TRY IT:
Which lines in the data below contain the word "positive"? Pull each of them out.

Saved data entries
(* Let $T,S\in\mathcal M_n(\mathbb C)$ and let $e,f,g,h$ be non-negative continuous functions on $[0,\infty)$ such that $f(t)g(t)=t$ and $e(t)h(t)=t$ for all $t\ge0$. Then $$s_j(T+S)\le\big\|g^2(|T^*|)+h^2(|S^*|)\big\|^{1/2}\,s_j^{1/2}\big(f^2(|T|)+e^2(|S|)\big)\quad\text{for every }j=1,\dots,n.$$ Furthermore, for every $p>0$, $$\|T+S\|_p\le\big\|g^2(|T^*|)+h^2(|S^*|)\big\|^{1/2}\,\big\|f^2(|T|)+e^2(|S|)\big\|_{p/2}^{1/2}.$$
   Context: $\mathcal M_n(\mathbb C)$ is the set of $n\times n$ complex matrices; $|T|=(T^*T)^{1/2}$; functions of positive matrices are defined by functional calculus. $s_1(T)\ge\dots\ge s_n(T)$ are the singular values of $T$ (eigenvalues of $|T|$). $\|T\|=s_1(T)$ is the operator norm, and for $p>0$, $\|T\|_p=\big(\sum_{j=1}^n s_j^p(T)\big)^{1/p}$ is the Schatten $p$-norm (a quasi-norm for $p<1$). *)

From mathcomp Require Import all_boot all_order all_algebra.
From mathcomp Require Import complex.
From mathcomp Require Import classical_sets reals topology normedtype exp.
Set Implicit Arguments. Unset Strict Implicit. Unset Printing Implicit Defensive.
Import Order.TTheory GRing.Theory Num.Theory Num.Def.
Local Open Scope ring_scope.

Section MatrixFunctions.
Variable R : realType.
Local Notation C := R[i].

Definition adjmx n (A : 'M[C]_n) : 'M[C]_n := map_mx conjC A^T.

(* Functional calculus for a normal (in our uses: positive semidefinite)
   matrix A = U^* diag(l_1..l_n) U with U unitary (spectral theorem,
   spectral.v):  phi(A) := U^* diag(phi(Re l_1), ..., phi(Re l_n)) U.
   phi only needs to be given on the reals (the spectrum of a Hermitian
   matrix is real). *)
Definition fcalc (phi : R -> R) n (A : 'M[C]_n) : 'M[C]_n :=
  invmx (spectralmx A)
  *m diag_mx (map_mx (fun z : C => (phi (complex.Re z))%:C%C) (spectral_diag A))
  *m spectralmx A.

Definition absmx n (T : 'M[C]_n) : 'M[C]_n := fcalc Num.sqrt (adjmx T *m T).

Definition eigvals n (A : 'M[C]_n) : seq R :=
  sort (fun x y : R => y <= x)
       [seq complex.Re (spectral_diag A 0 i) | i <- enum 'I_n].

Definition singvals n (T : 'M[C]_n) : seq R := eigvals (absmx T).

(* s_{j+1}(T) for j : 'I_n  (0-based index) *)
Definition sv n (T : 'M[C]_n) (j : nat) : R := nth 0 (singvals T) j.

Definition opnorm n (T : 'M[C]_n) : R := sv T 0.

Definition schatten (p : R) n (T : 'M[C]_n) : R :=
  powR (\sum_(x <- singvals T) powR x p) p^-1.

End MatrixFunctions.

(* Vectors are rows and [<u, v> = u v^*].  Polar decomposition writes
   [T = W Σ P] with [P] unitary, [|T| = P^* Σ P], [Σ] real diagonal, and [W] a
   partial isometry with [T T^* W = W Σ^2].  As [f g = id], [Σ = f(Σ) g(Σ)], so
   the pairing [<x T^*, w>] splits as [<x A, w B>] with [|x A|^2 = <x f^2(|T|), x>]
   and, by Bessel's inequality for [W], [|w B|^2 <= <w g^2(|T^*|), w>].
   Concatenating these factorizations for [T] and [S] and applying Cauchy-Schwarz
   gives [|<x (T+S)^*, w>|^2 <= <x F, x> <w G, w>]; for [w = x (T+S)^*] this is
   the Loewner inequality [|T+S|^2 <= ||G|| F].  The min-max principle turns it
   into [s_j(T+S)^2 <= ||G|| lambda_j(F)], and summing [p]-th powers gives the
   Schatten bound. *)

From mathcomp Require Import all_boot all_order all_algebra.
From mathcomp Require Import complex.
From mathcomp Require Import classical_sets reals topology normedtype exp.
From mathcomp Require Import ring.
Import Order.TTheory GRing.Theory Num.Theory.
Local Open Scope ring_scope.

Set Implicit Arguments. Unset Strict Implicit. Unset Printing Implicit Defensive.

(* Entrywise [e_i M_ij = M_ij d_j], so [e_i = d_j] wherever [M_ij != 0]. *)
Lemma map_diag_mx_intertwine (F : idomainType) m n (e : 'rV[F]_m) (d : 'rV[F]_n)
    (M : 'M[F]_(m, n)) (phi : F -> F) :
  diag_mx e *m M = M *m diag_mx d ->
  diag_mx (map_mx phi e) *m M = M *m diag_mx (map_mx phi d).
Proof.
move=> /matrixP eMd; apply/matrixP => i j.
have eMd_ij : e 0 i * M i j = M i j * d 0 j.
  by have := eMd i j; rewrite (mul_diag_mx e) (mul_mx_diag M d) !mxE.
rewrite (mul_diag_mx (map_mx phi e)) (mul_mx_diag M (map_mx phi d)) !mxE.
have [->|Mij_neq0] := eqVneq (M i j) 0; first by rewrite mulr0 mul0r.
have -> : e 0 i = d 0 j by apply: (mulIf Mij_neq0); rewrite eMd_ij mulrC.
by rewrite mulrC.
Qed.

Section UnitaryDiagonalization.
Local Open Scope sesquilinear_scope.
Variable C : numClosedFieldType.
Local Notation "''[' u , v ]" := (dotmx u v) : ring_scope.
Local Notation "''[' u ]" := (dotmx u u) : ring_scope.

Lemma trmxC_mul m n p (A : 'M[C]_(m, n)) (B : 'M[C]_(n, p)) :
  (A *m B)^t* = B^t* *m A^t*.
Proof. by rewrite trmx_mul map_mxM. Qed.

Lemma trmxCD m n (A B : 'M[C]_(m, n)) : (A + B)^t* = A^t* + B^t*.
Proof. by rewrite linearD /= map_mxD. Qed.

Lemma trmxCB m n (A B : 'M[C]_(m, n)) : (A - B)^t* = A^t* - B^t*.
Proof. by rewrite linearB /= map_mxB. Qed.

Lemma trmxC1 n : (1%:M : 'M[C]_n)^t* = 1%:M.
Proof. by rewrite trmx1 map_mx1. Qed.

Lemma trmxC_diag n (d : 'rV[C]_n) : (diag_mx d)^t* = diag_mx (map_mx Num.conj d).
Proof. by rewrite tr_diag_mx map_diag_mx. Qed.

Lemma unitarymx_mulCtmx n (P : 'M[C]_n) : P \is unitarymx -> P^t* *m P = 1%:M.
Proof. by move=> PU; rewrite -[P^t*]mul1mx mulmxKtV. Qed.

Lemma unitarymx_mulmxCt n (P : 'M[C]_n) : P \is unitarymx -> P *m P^t* = 1%:M.
Proof. by move/unitarymxP. Qed.

Lemma unitary_diag_normalmx n (P : 'M[C]_n) (d : 'rV[C]_n) :
  P \is unitarymx -> P^t* *m diag_mx d *m P \is normalmx.
Proof.
by move=> PU; apply/orthomx_spectral_subproof; exists (P, d); rewrite //= invmx_unitary.
Qed.

Lemma normalmx_spectral n (A : 'M[C]_n) : A \is normalmx ->
  A = (spectralmx A)^t* *m diag_mx (spectral_diag A) *m spectralmx A.
Proof. by move=> /orthomx_spectralP {1}->; rewrite invmx_unitary // spectral_unitarymx. Qed.

Lemma selfadj_normalmx n (A : 'M[C]_n) : A^t* = A -> A \is normalmx.
Proof. by move=> AA; apply/normalmxP; rewrite AA. Qed.

Lemma unitary_diag_map n (P Q : 'M[C]_n) (d e : 'rV[C]_n) (psi : C -> C) :
  P \is unitarymx -> Q \is unitarymx ->
  Q^t* *m diag_mx e *m Q = P^t* *m diag_mx d *m P ->
  Q^t* *m diag_mx (map_mx psi e) *m Q = P^t* *m diag_mx (map_mx psi d) *m P.
Proof.
move=> PU QU deq; set M := Q *m P^t*.
have eM_Md : diag_mx e *m M = M *m diag_mx d.
  have := congr1 (fun A => Q *m A *m P^t*) deq; rewrite /=.
  rewrite !mulmxA (unitarymx_mulmxCt QU) mul1mx.
  by rewrite -!(mulmxA _ P) (unitarymx_mulmxCt PU) mulmx1.
have := map_diag_mx_intertwine psi eM_Md => psi_eM_Md.
rewrite -[X in _ *m X = _](mulmx1 Q) -(unitarymx_mulCtmx PU) !mulmxA.
rewrite -[_ *m Q *m P^t*]mulmxA -/M -[_ *m _ *m M]mulmxA psi_eM_Md !mulmxA.
by rewrite /M (unitarymx_mulCtmx QU) mul1mx.
Qed.

Lemma unitary_diag_mul_self n (P : 'M[C]_n) (d : 'rV[C]_n) : P \is unitarymx ->
  (P^t* *m diag_mx d *m P) *m (P^t* *m diag_mx d *m P) =
  P^t* *m diag_mx (\row_i (d 0 i * d 0 i)) *m P.
Proof.
move=> PU; rewrite !mulmxA -(mulmxA _ P) (unitarymx_mulmxCt PU) mulmx1.
by rewrite -(mulmxA (P^t*) (diag_mx d) (diag_mx d)) (mulmx_diag d d).
Qed.

Lemma dotmx_diagE n (x : 'rV[C]_n) : '[x] = \sum_i x 0 i * (x 0 i)^*.
Proof. by rewrite dotmxE mxE; apply: eq_bigr => i _; rewrite !mxE. Qed.

Lemma dnorm_unitary n (P : 'M[C]_n) (x : 'rV[C]_n) :
  P \is unitarymx -> '[x *m P^t*] = '[x].
Proof.
move=> PU; rewrite !dotmxE trmxC_mul trmxCK !mulmxA -(mulmxA x).
by rewrite (unitarymx_mulCtmx PU) mulmx1.
Qed.

Definition qform n (A : 'M[C]_n) (x : 'rV[C]_n) : C := '[x *m A, x].

Lemma qformE n (A : 'M[C]_n) x : qform A x = (x *m A *m x^t*) 0 0.
Proof. exact: dotmxE. Qed.

Lemma qformD n (A B : 'M[C]_n) x : qform (A + B) x = qform A x + qform B x.
Proof. by rewrite !qformE mulmxDr mulmxDl mxE. Qed.

Lemma qformB n (A B : 'M[C]_n) x : qform (A - B) x = qform A x - qform B x.
Proof. by rewrite !qformE mulmxBr mulmxBl !mxE. Qed.

Lemma dnorm_mulmx n m (A : 'M[C]_(n, m)) x : '[x *m A] = qform (A *m A^t*) x.
Proof. by rewrite qformE dotmxE trmxC_mul !mulmxA. Qed.

Lemma qform_mulCtmx n (X : 'M[C]_n) x : qform (X^t* *m X) x = '[x *m X^t*].
Proof. by rewrite dnorm_mulmx trmxCK. Qed.

Lemma qform_row n (A M : 'M[C]_n) i : qform A (row i M) = (M *m A *m M^t*) i i.
Proof.
rewrite qformE !mxE; apply: eq_bigr => k _; rewrite !mxE; congr (_ * _).
by apply: eq_bigr => l _; rewrite !mxE.
Qed.

Lemma qform_unitary_diag n (P : 'M[C]_n) (d : 'rV[C]_n) x :
  qform (P^t* *m diag_mx d *m P) x =
  \sum_i d 0 i * ((x *m P^t*) 0 i * ((x *m P^t*) 0 i)^*).
Proof.
have E : P *m x^t* = (x *m P^t*)^t* by rewrite trmxC_mul trmxCK.
rewrite qformE !mulmxA -(mulmxA _ P) E -!mulmxA mulmxA mxE.
apply: eq_bigr => i _; rewrite (mul_diag_mx d) !mxE.
by rewrite mulrCA.
Qed.

Lemma qform_unitary_diag_le n (P : 'M[C]_n) (d : 'rV[C]_n) (b : C) x :
  P \is unitarymx -> (forall i, (x *m P^t*) 0 i != 0 -> d 0 i <= b) ->
  qform (P^t* *m diag_mx d *m P) x <= b * '[x].
Proof.
move=> PU db; rewrite qform_unitary_diag -(dnorm_unitary x PU) dotmx_diagE mulr_sumr.
apply: ler_sum => i _.
have [->|nz] := eqVneq ((x *m P^t*) 0 i) 0; first by rewrite mul0r !mulr0.
by rewrite ler_wpM2r ?mul_conjC_ge0 ?db.
Qed.

Lemma qform_unitary_diag_ge n (P : 'M[C]_n) (d : 'rV[C]_n) (a : C) x :
  P \is unitarymx -> (forall i, (x *m P^t*) 0 i != 0 -> a <= d 0 i) ->
  a * '[x] <= qform (P^t* *m diag_mx d *m P) x.
Proof.
move=> PU ad; rewrite qform_unitary_diag -(dnorm_unitary x PU) dotmx_diagE mulr_sumr.
apply: ler_sum => i _.
have [->|nz] := eqVneq ((x *m P^t*) 0 i) 0; first by rewrite mul0r !mulr0.
by rewrite ler_wpM2r ?mul_conjC_ge0 ?ad.
Qed.

Lemma spectral_diag_qform n (A : 'M[C]_n) i : A \is normalmx ->
  spectral_diag A 0 i = qform A (row i (spectralmx A)).
Proof.
move=> An; rewrite qform_row.
move: (normalmx_spectral An) (spectral_unitarymx A).
move: (spectralmx _) (spectral_diag _) => Q e -> QU.
rewrite !mulmxA (unitarymx_mulmxCt QU) mul1mx -mulmxA (unitarymx_mulmxCt QU) mulmx1.
by rewrite mxE eqxx mulr1n.
Qed.

Lemma mulCtmx_diag_eq0 n (Y : 'M[C]_n) i : (Y^t* *m Y) i i = 0 -> forall k, Y k i = 0.
Proof.
rewrite mxE => /eqP; rewrite psumr_eq0 => [/allP Y_i0 k|k _]; last first.
  by rewrite !mxE mulrC mul_conjC_ge0.
by have := Y_i0 k (mem_index_enum _); rewrite /= !mxE mulrC mul_conjC_eq0 => /eqP.
Qed.

Definition psdmx n (A : 'M[C]_n) := exists P, exists d : 'rV[C]_n,
  [/\ P \is unitarymx, forall i, 0 <= d 0 i & A = P^t* *m diag_mx d *m P].

Lemma psdmx_qform_ge0 n (A : 'M[C]_n) x : psdmx A -> 0 <= qform A x.
Proof.
case=> P [d [PU d_ge0 ->]]; rewrite qform_unitary_diag sumr_ge0 // => i _.
by rewrite mulr_ge0 // mul_conjC_ge0.
Qed.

OUTPUT BELOW:
   Context: $\mathcal M_n(\mathbb C)$ is the set of $n\times n$ complex matrices; $|T|=(T^*T)^{1/2}$; functions of positive matrices are defined by functional calculus. $s_1(T)\ge\dots\ge s_n(T)$ are the singular values of $T$ (eigenvalues of $|T|$). $\|T\|=s_1(T)$ is the operator norm, and for $p>0$, $\|T\|_p=\big(\sum_{j=1}^n s_j^p(T)\big)^{1/p}$ is the Schatten $p$-norm (a quasi-norm for $p<1$). *)
(* Functional calculus for a normal (in our uses: positive semidefinite)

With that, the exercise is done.